The Exploitation of Power Dynamics in Romantic Relationships Originally published in print March 2020.

This article is co-authored by Alex O’Sullivan and Ursula Dale, who have written about their experiences of non-deliberate and deliberate exploitation within a relationship with a power dynamic.

Power dynamics in relationships can be difficult to spot. Sometimes when a person enters a relationship, there’s seldom evidence of such a dynamic until something goes wrong. An unhealthy power imbalance can exist for reasons such as age, experience or financial situation and, while power instability in relationships isn’t always unethical or non-consensual, it can leave a person feeling naive, confused and mistrustful.
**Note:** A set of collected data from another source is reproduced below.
(* Let $\mathsf{T}$ be a rooted plane tree and $\delta\in\mathcal{O}(\mathsf{T})$. For all $v\in\mathsf{T}$, we have $\mathsf{Pop}(\delta)(v)\subseteq\delta(v)$. Moreover, for each child $u$ of $v$ with $u\in\delta(v)$, we have $|\Delta_{\mathsf{Pop}(\delta)(v)}(u)|\leq|\Delta_{\delta(v)}(u)|-1$.
   Context: A rooted plane tree $\mathsf{T}$ is a finite tree with a distinguished root, regarded as a poset $\leq_\mathsf{T}$ in which $v'\leq_\mathsf{T} v$ iff $v$ lies on the path from $v'$ to the root; the children of $v$ are the nodes covered by $v$. An ornament is a nonempty set of nodes inducing a connected subgraph. For a set $S$ of nodes and a node $u$, $\Delta_S(u)=\{w\in S:w\leq_\mathsf{T} u\}$ (empty if no such $w$). An ornamentation is a map $\delta$ from $\mathsf{T}$ to ornaments such that the unique maximal element of $\delta(v)$ is $v$ and any two sets $\delta(v),\delta(v')$ are nested or disjoint. $\mathcal{O}(\mathsf{T})$ is the set of ornamentations ordered by $\delta\leq\delta'$ iff $\delta(v)\subseteq\delta'(v)$ for all $v$; it is a lattice with meet given by pointwise intersection. $\mathsf{Pop}(\delta)=\bigwedge(\{\delta\}\cup\{\delta':\delta'\lessdot\delta\})$, where $\lessdot$ is the cover relation. *)

From mathcomp Require Import all_boot.
Set Implicit Arguments. Unset Strict Implicit. Unset Printing Implicit Defensive.

(* A rooted tree on a finite vertex type V is given by a root r and a parent
   map [par] (with par r = r); every vertex reaches the root by iterating par.
   The planar ordering of children plays no role in the statement. *)
Section Trees.
Variables (V : finType) (r : V) (par : V -> V).

Definition is_rooted_tree : bool :=
  (par r == r) && [forall v, fconnect par v r].

Definition tle (v' v : V) : bool := fconnect par v' v.

Definition is_child (u v : V) : bool := (par u == v) && (u != r).

Definition edge_in (S : {set V}) : rel V :=
  fun x y => [&& x \in S, y \in S & ((par x == y) && (x != r)) || ((par y == x) && (y != r))].

Definition ornament (S : {set V}) : bool :=
  (S != set0) && [forall x in S, forall y in S, connect (edge_in S) x y].

Definition Delta (S : {set V}) (u : V) : {set V} := [set w in S | tle w u].

Definition ornamentation (d : {ffun V -> {set V}}) : bool :=
  [forall v, ornament (d v)]
  && [forall v, (v \in d v) && [forall w in d v, tle w v]]
  && [forall v, forall v', [|| d v \subset d v', d v' \subset d v
                              | [disjoint d v & d v']]].

Definition orn_le (d d' : {ffun V -> {set V}}) : bool :=
  [forall v, d v \subset d' v].

Definition orn_lt (d d' : {ffun V -> {set V}}) : bool :=
  (d != d') && orn_le d d'.

Definition orn_covered (d' d : {ffun V -> {set V}}) : bool :=
  [&& ornamentation d', ornamentation d, orn_lt d' d &
      ~~ [exists e, [&& ornamentation e, orn_lt d' e & orn_lt e d]]].

(* Pop(d): meet (pointwise intersection) of d and all its lower covers *)
Definition Pop (d : {ffun V -> {set V}}) : {ffun V -> {set V}} :=
  [ffun v => d v :&: \bigcap_(d' | orn_covered d' d) d' v].

End Trees.

From mathcomp Require Import all_boot.

(* For a child u of v inside d(v), cutting the subtree below u off the block
   d(v) gives an ornamentation strictly below d; a lower cover of d above it
   agrees with d away from v and keeps d(v) minus that subtree, so it must
   drop some vertex of Delta_{d(v)}(u) from d(v), and Pop(d)(v) drops it too. *)

Section OrnamentationLattice.
Set Implicit Arguments. Unset Strict Implicit.
Variables (V : finType) (r : V) (par : V -> V).
Hypothesis tree : is_rooted_tree r par.

Lemma tle_refl x : tle par x x.
Proof. exact: connect0. Qed.

Lemma tle_trans y x z : tle par x y -> tle par y z -> tle par x z.
Proof. exact: connect_trans. Qed.

Lemma tle_par x : tle par x (par x).
Proof. exact: fconnect1. Qed.

Lemma par_root : par r = r.
Proof. by case/andP: tree => /eqP. Qed.

Lemma tle_to_root a : tle par a r.
Proof. by case/andP: tree => _ /forallP/(_ a). Qed.

Lemma fixed_point_root a : par a = a -> a = r.
Proof. by move=> para; rewrite -(iter_findex (tle_to_root a)) iter_fix. Qed.

Lemma tle_root a : tle par r a -> a = r.
Proof. by move/iter_findex <-; rewrite iter_fix // par_root. Qed.

(* If [a <> b] then [a] lies on a cycle of [par] of length [m > 0]; going
   around it [k] times, [k] being the distance from [a] to the root, passes
   through the fixed point [r], hence [a = r]. *)
Lemma tle_anti a b : tle par a b -> tle par b a -> a = b.
Proof.
move=> ab ba; have iab := iter_findex ab; have iba := iter_findex ba.
have [i0 | ipos] := posnP (findex par a b); first by rewrite -iab i0.
set m := findex par b a + findex par a b.
have cycle_a : iter m par a = a by rewrite iterD iab iba.
have akr := iter_findex (tle_to_root a); set k := findex par a r in akr.
have ar : a = r.
  have mpos : 0 < m by rewrite addn_gt0 ipos orbT.
  rewrite -(iter_fix k cycle_a) -iterM -(subnK (leq_pmulr k mpos)) iterD akr.
  by rewrite iter_fix // par_root.
by move: ab; rewrite ar => /tle_root ->.
Qed.

Lemma tle_comparable x a b :
  tle par x a -> tle par x b -> tle par a b || tle par b a.
Proof.
move=> /iter_findex xa /iter_findex xb; rewrite /tle -xa -xb.
case: (leqP (findex par x a) (findex par x b)) => [le | /ltnW le].
  by rewrite -(subnK le) iterD fconnect_iter.
by rewrite -(subnK le) iterD fconnect_iter orbT.
Qed.

Lemma tle_eqVpar a x : tle par a x = (a == x) || tle par (par a) x.
Proof.
apply/idP/orP => [ax | [/eqP <- | pax]]; last 2 first.
- exact: tle_refl.
- exact: tle_trans (tle_par a) pax.
case: (eqVneq a x) => [| nax]; [by left | right].
move: (iter_findex ax) nax; case: (findex par a x) => [/= -> | n].
  by rewrite eqxx.
by rewrite iterSr => <- _; apply: fconnect_iter.
Qed.

Lemma child_not_ge u v : is_child r par u v -> ~~ tle par v u.
Proof.
case/andP=> /eqP puv ur; apply/negP => vu.
have uv : tle par u v by rewrite -puv tle_par.
move: puv; rewrite (tle_anti vu uv) => /fixed_point_root ur'.
by rewrite ur' eqxx in ur.
Qed.

Lemma edge_in_sym S : symmetric (edge_in r par S).
Proof. by move=> x y; rewrite /edge_in andbCA orbC. Qed.

(* Ornaments are convex: a path in [S] starting below [x] and ending elsewhere
   must leave the down-set of [x] through the edge from [x] to its parent. *)
Lemma path_exit_par S x a p :
  tle par a x -> path (edge_in r par S) a p -> ~~ tle par (last a p) x ->
  par x \in S.
Proof.
elim: p a => [|b p IH] a ax /=; first by rewrite ax.
case/andP=> ab pth lst; case bx: (tle par b x); first exact: IH bx pth lst.
case/and3P: ab => _ bS /orP[/andP[/eqP pab _] | /andP[/eqP pba _]].
  move: ax; rewrite tle_eqVpar pab bx orbF => /eqP ax.
  by rewrite -ax pab.
by move: bx; rewrite (tle_trans (tle_par b)) // pba.
Qed.

Lemma connect_par_mem S x m :
  connect (edge_in r par S) x m -> tle par x m -> x != m -> par x \in S.
Proof.
case/connectP=> p pth -> xm nxm; apply: (path_exit_par (tle_refl x) pth).
by apply/negP => mx; rewrite -(tle_anti xm mx) eqxx in nxm.
Qed.

Lemma ornament_of_par_closed (S : {set V}) v :
  v \in S -> {in S, forall x, tle par x v} ->
  {in S, forall x, x != v -> par x \in S} -> ornament r par S.
Proof.
move=> vS Sv Spar.
have to_top x : x \in S -> connect (edge_in r par S) x v.
  move=> xS; move: (findex par x v) (iter_findex (Sv x xS)) => n.
  elim: n x xS => [|n IH] x xS; first by move=> /= ->.
  case: (eqVneq x v) => [-> _ | xv]; first exact: connect0.
  have xr : x != r.
    by apply: contra xv => /eqP xr; move: (Sv x xS); rewrite xr => /tle_root ->.
  rewrite iterSr => /(IH _ (Spar x xS xv)).
  apply: connect_trans; apply: connect1.
  by rewrite /edge_in xS Spar // eqxx xr.
apply/andP; split; first by apply/set0Pn; exists v.
apply/forallP => x; apply/implyP => xS; apply/forallP => y; apply/implyP => yS.
rewrite (connect_trans (to_top x xS)) // (sym_connect_sym (@edge_in_sym S)).
exact: to_top.
Qed.

Lemma Delta_subset (A B : {set V}) u :
  A \subset B -> Delta par A u \subset Delta par B u.
Proof.
by move=> AB; apply/subsetP => w; rewrite !inE => /andP[/(subsetP AB) -> ->].
Qed.

Definition nested_or_disjoint (A B : {set V}) : bool :=
  [|| A \subset B, B \subset A | [disjoint A & B]].

Lemma nested_or_disjointC A B : nested_or_disjoint A B = nested_or_disjoint B A.
Proof. by rewrite /nested_or_disjoint orbCA disjoint_sym. Qed.

Implicit Types d e f : {ffun V -> {set V}}.

Definition orn_update d v (S : {set V}) : {ffun V -> {set V}} :=
  [ffun w => if w == v then S else d w].

Definition orn_weight d := \sum_w #|d w|.

Lemma orn_le_trans e d f : orn_le d e -> orn_le e f -> orn_le d f.
Proof.
move=> /forallP de /forallP ef; apply/forallP => w.
exact: subset_trans (de w) (ef w).
Qed.

Lemma orn_weight_lt d e : orn_lt d e -> orn_weight d < orn_weight e.
Proof.
case/andP=> ne /forallP de.
have [w dw] : exists w, d w != e w.
  apply/existsP; apply: contraR ne => /existsPn same.
  by apply/eqP/ffunP => w; apply/eqP; rewrite -[_ == _]negbK same.
rewrite /orn_weight (bigD1 w) //= [X in _ < X](bigD1 w) //= -addSn.
apply: leq_add; first by apply: proper_card; rewrite properEneq dw de.
by apply: leq_sum => x _; apply: subset_leq_card.
Qed.

(* A heaviest ornamentation strictly between [d'] (included) and [d] is a
   lower cover of [d]. *)
Lemma exists_cover_above d' d :
  ornamentation r par d' -> ornamentation r par d -> orn_lt d' d ->
  exists2 e, orn_covered r par e d & orn_le d' e.
Proof.
move=> hd' hd lt'.
pose P e := [&& ornamentation r par e, orn_le d' e & orn_lt e d].
have Pd' : P d' by rewrite /P hd' lt' andbT; apply/forallP => w.
have [e /and3P[he d'e ed] emax] := arg_maxnP orn_weight Pd'.
exists e => //; rewrite /orn_covered he hd ed /=.
apply/existsP => -[f /and3P[hf ef fd]].
have Pf : P f by rewrite /P hf fd (orn_le_trans d'e) //; case/andP: ef.
by move: (orn_weight_lt ef); rewrite ltnNge => /negP; apply; apply: emax.
Qed.

Lemma Pop_subset d v : Pop r par d v \subset d v.
Proof. by rewrite ffunE subsetIl. Qed.

Lemma Pop_subset_cover d e v :
  orn_covered r par e d -> Pop r par d v \subset e v.
Proof.
move=> cov; rewrite ffunE; apply: subset_trans (subsetIr _ _) _.
exact: (@bigcap_inf _ _ e _ (fun d' => d' v) cov).
Qed.

Section Ornamentation.
Variable d : {ffun V -> {set V}}.
Hypothesis hd : ornamentation r par d.

Lemma orn_ornament v : ornament r par (d v).
Proof. by case/andP: hd => /andP[/forallP]. Qed.

Lemma orn_mem v : v \in d v.
Proof. by case/andP: hd => /andP[_ /forallP/(_ v)/andP[]]. Qed.

Lemma orn_tle v y : y \in d v -> tle par y v.
Proof.
by case/andP: hd => /andP[_ /forallP/(_ v)/andP[_ /forallP/(_ y)/implyP]].
Qed.

Lemma orn_nested v w : nested_or_disjoint (d v) (d w).
Proof. by case/andP: hd => _ /forallP/(_ v)/forallP/(_ w). Qed.

Lemma orn_par_mem v x : x \in d v -> x != v -> par x \in d v.
Proof.
move=> xd; apply: connect_par_mem (orn_tle xd).
have /andP[_ /forallP/(_ x)/implyP/(_ xd)/forallP/(_ v)/implyP] :=
  orn_ornament v.
by apply; apply: orn_mem.
Qed.

Lemma ornamentation_update v (S : {set V}) :
  ornament r par S -> v \in S -> {in S, forall x, tle par x v} ->
  (forall w, w != v -> nested_or_disjoint S (d w)) ->
  ornamentation r par (orn_update d v S).
Proof.
move=> Sorn vS Sv Snest.
apply/andP; split; first (apply/andP; split);
  apply/forallP => w; rewrite ?ffunE.
- by case: eqP => _ //; apply: orn_ornament.
- case: eqP => [-> | _].
    by rewrite vS; apply/forallP => y; apply/implyP/Sv.
  by rewrite orn_mem; apply/forallP => y; apply/implyP/orn_tle.
- apply/forallP => w'; rewrite ffunE.
  case: (eqVneq w v) => [_ | wv]; case: (eqVneq w' v) => [_ | w'v].
  + by rewrite /nested_or_disjoint subxx.
  + exact: Snest.
  + by rewrite -/(nested_or_disjoint _ _) nested_or_disjointC Snest.
  + exact: orn_nested.
Qed.

Section Prune.
Variables u v : V.
Hypothesis uv : is_child r par u v.

Local Notation pruned := (d v :\: Delta par (d v) u).

Definition prune := orn_update d v pruned.

Lemma prune_top : v \in pruned.
Proof. by rewrite !inE orn_mem (child_not_ge uv). Qed.

Lemma prune_tle : {in pruned, forall x, tle par x v}.
Proof. by move=> x; rewrite inE => /andP[_]; apply: orn_tle. Qed.

Lemma prune_ornament : ornament r par pruned.
Proof.
apply: (ornament_of_par_closed prune_top prune_tle) => x.
rewrite !inE => /andP[xu xd] xv; rewrite orn_par_mem // andbT /=.
by apply: contra xu => pxu; rewrite xd (tle_trans (tle_par x)).
Qed.

(* A block [d w] inside [d v] either hangs below [u], or avoids the subtree
   of [u] altogether since [u] has no ancestor strictly between it and [v]. *)
Lemma prune_nested w : w != v -> nested_or_disjoint pruned (d w).
Proof.
rewrite /nested_or_disjoint => wv.
case/or3P: (orn_nested v w) => [vw | wv' | dis].
- by rewrite (subset_trans (subsetDl _ _) vw).
- case: (boolP (tle par w u)) => [wu | wNu].
    apply/or3P/Or33; rewrite disjoint_sym disjoints_subset.
    apply/subsetP => y yw.
    by rewrite !inE (subsetP wv' y yw) (tle_trans (orn_tle yw) wu).
  apply/or3P/Or32/subsetP => y yw; rewrite !inE (subsetP wv' y yw) andbT /=.
  apply/negP => yu; case/orP: (tle_comparable (orn_tle yw) yu) => [wu | uw].
    by rewrite wu in wNu.
  have uNw : u != w by apply: contraNneq wNu => <-; apply: tle_refl.
  have vw : tle par v w.
    by case/andP: uv => /eqP <- _; move: uw; rewrite tle_eqVpar (negbTE uNw).
  have wv'' := tle_anti (orn_tle (subsetP wv' w (orn_mem w))) vw.
  by rewrite wv'' eqxx in wv.
- by rewrite (disjointWl (subsetDl _ _) dis) !orbT.
Qed.

Lemma ornamentation_prune : ornamentation r par prune.
Proof.
exact: ornamentation_update prune_ornament prune_top prune_tle prune_nested.
Qed.

Lemma prune_lt : u \in d v -> orn_lt prune d.
Proof.
move=> ud; apply/andP; split.
  apply/negP => /eqP/ffunP/(_ v)/setP/(_ u).
  by rewrite ffunE eqxx !inE ud tle_refl.
apply/forallP => w; rewrite ffunE.
by case: eqP => [-> | _]; [apply: subsetDl | apply: subxx].
Qed.

(* Between [prune] and [d] only the block at [v] can change, and it must. *)
Lemma cover_above_prune_drops e :
  orn_covered r par e d -> orn_le prune e ->
  exists2 x, x \in Delta par (d v) u & x \notin e v.
Proof.
case/and4P=> _ _ /andP[ed /forallP/(_ _) e_le_d] _ /forallP/(_ _) prune_le_e.
apply/subsetPn; apply: contra ed => below_e; apply/eqP/ffunP => w.
apply/eqP; rewrite eqEsubset e_le_d /=.
have := prune_le_e w; rewrite ffunE; case: eqP => [-> pruned_e | //].
apply/subsetP => x xd; case: (boolP (x \in Delta par (d v) u)) => [|xNu].
  exact: (subsetP below_e).
by apply: (subsetP pruned_e); rewrite inE xNu.
Qed.

End Prune.
End Ornamentation.
End OrnamentationLattice.

Theorem lemma2p6 (V : finType) (r : V) (par : V -> V)
  (hT : is_rooted_tree r par) (d : {ffun V -> {set V}})
  (hd : ornamentation r par d) :
  forall v : V,
    Pop r par d v \subset d v /\
    (forall u : V, is_child r par u v -> u \in d v ->
       #|Delta par (Pop r par d v) u| <= #|Delta par (d v) u| - 1).
Proof.
move=> v; split=> [|u uv ud]; first exact: Pop_subset.
have [e cov prune_e] :=
  exists_cover_above (ornamentation_prune hT hd uv) hd (prune_lt par ud).
have [x xu xe] := cover_above_prune_drops cov prune_e.
have Pop_drops : Delta par (Pop r par d v) u \proper Delta par (d v) u.
  apply/properP; split; first exact/Delta_subset/Pop_subset.
  exists x => //; rewrite inE negb_and.
  by rewrite (contra (subsetP (Pop_subset_cover v cov) x)).
by have := leq_sub2r 1 (proper_card Pop_drops); rewrite subSS subn0.
Qed.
Going out with someone a few years older than you isn’t wrong. Gaps in age, experience or position between consenting adults are fine, but sometimes power dynamics are created and, when exploited, can seriously harm the people involved. 

 

Alex O’Sullivan:

‘I didn’t realise that I was in a relationship with a power imbalance until I was out of it. The person in question was older than me and had a lot more experience emotionally and sexually. When the relationship began, the imbalance of power, and his authority, was cemented by these things. I don’t believe that he necessarily exploited this for personal gain, but he was definitely aware that it existed and didn’t seem to have a problem with it. That being said, neither did I at the time. Now that I’m a few months out of that situation, I think if I went back with the experience and knowledge that I now have, I wouldn’t have entertained the relationship in the first place. I felt at times that I wanted to impress him and gain his approval simply because he seemed to be on a level above mine. I desperately wanted to be in a place where I felt that he viewed me as an equal, but the imbalance of power meant I never actually was. I don’t think that he created these conditions on purpose, but they were created and did affect me personally. I felt I let myself down by how much I altered my core beliefs for this person. Looking back, I should never have been put in a position where I felt that this was the only way I could be validated by him.’ 

Ursula Dale:

‘It’s not uncommon for young people, especially those at the start of a crucial life stage like university, to become vulnerable to exploitation. Completing a degree, moving into a postgraduate position, or even a further career, offers tangible life experience and those who have undergone such development are often cognisant of their own position. If people in this position choose, with an awareness of their own power, to enter into a relationship (casual or otherwise) with any person who is considerably younger than them, without acceptable reflection on their own authority, then they become complicit in this power imbalance. Not all relationships between younger men and women (or those of any gender orientation) are representative of this; I recognise my personal bias. It is important to acknowledge that many people will treat those younger than them, who are likely more emotionally and financially vulnerable, with the respect of equals and peers. My own experience, unfortunately, has been informed by a negative exposure to the dynamic of dating someone older who held greater social and sexual experiences without such consideration.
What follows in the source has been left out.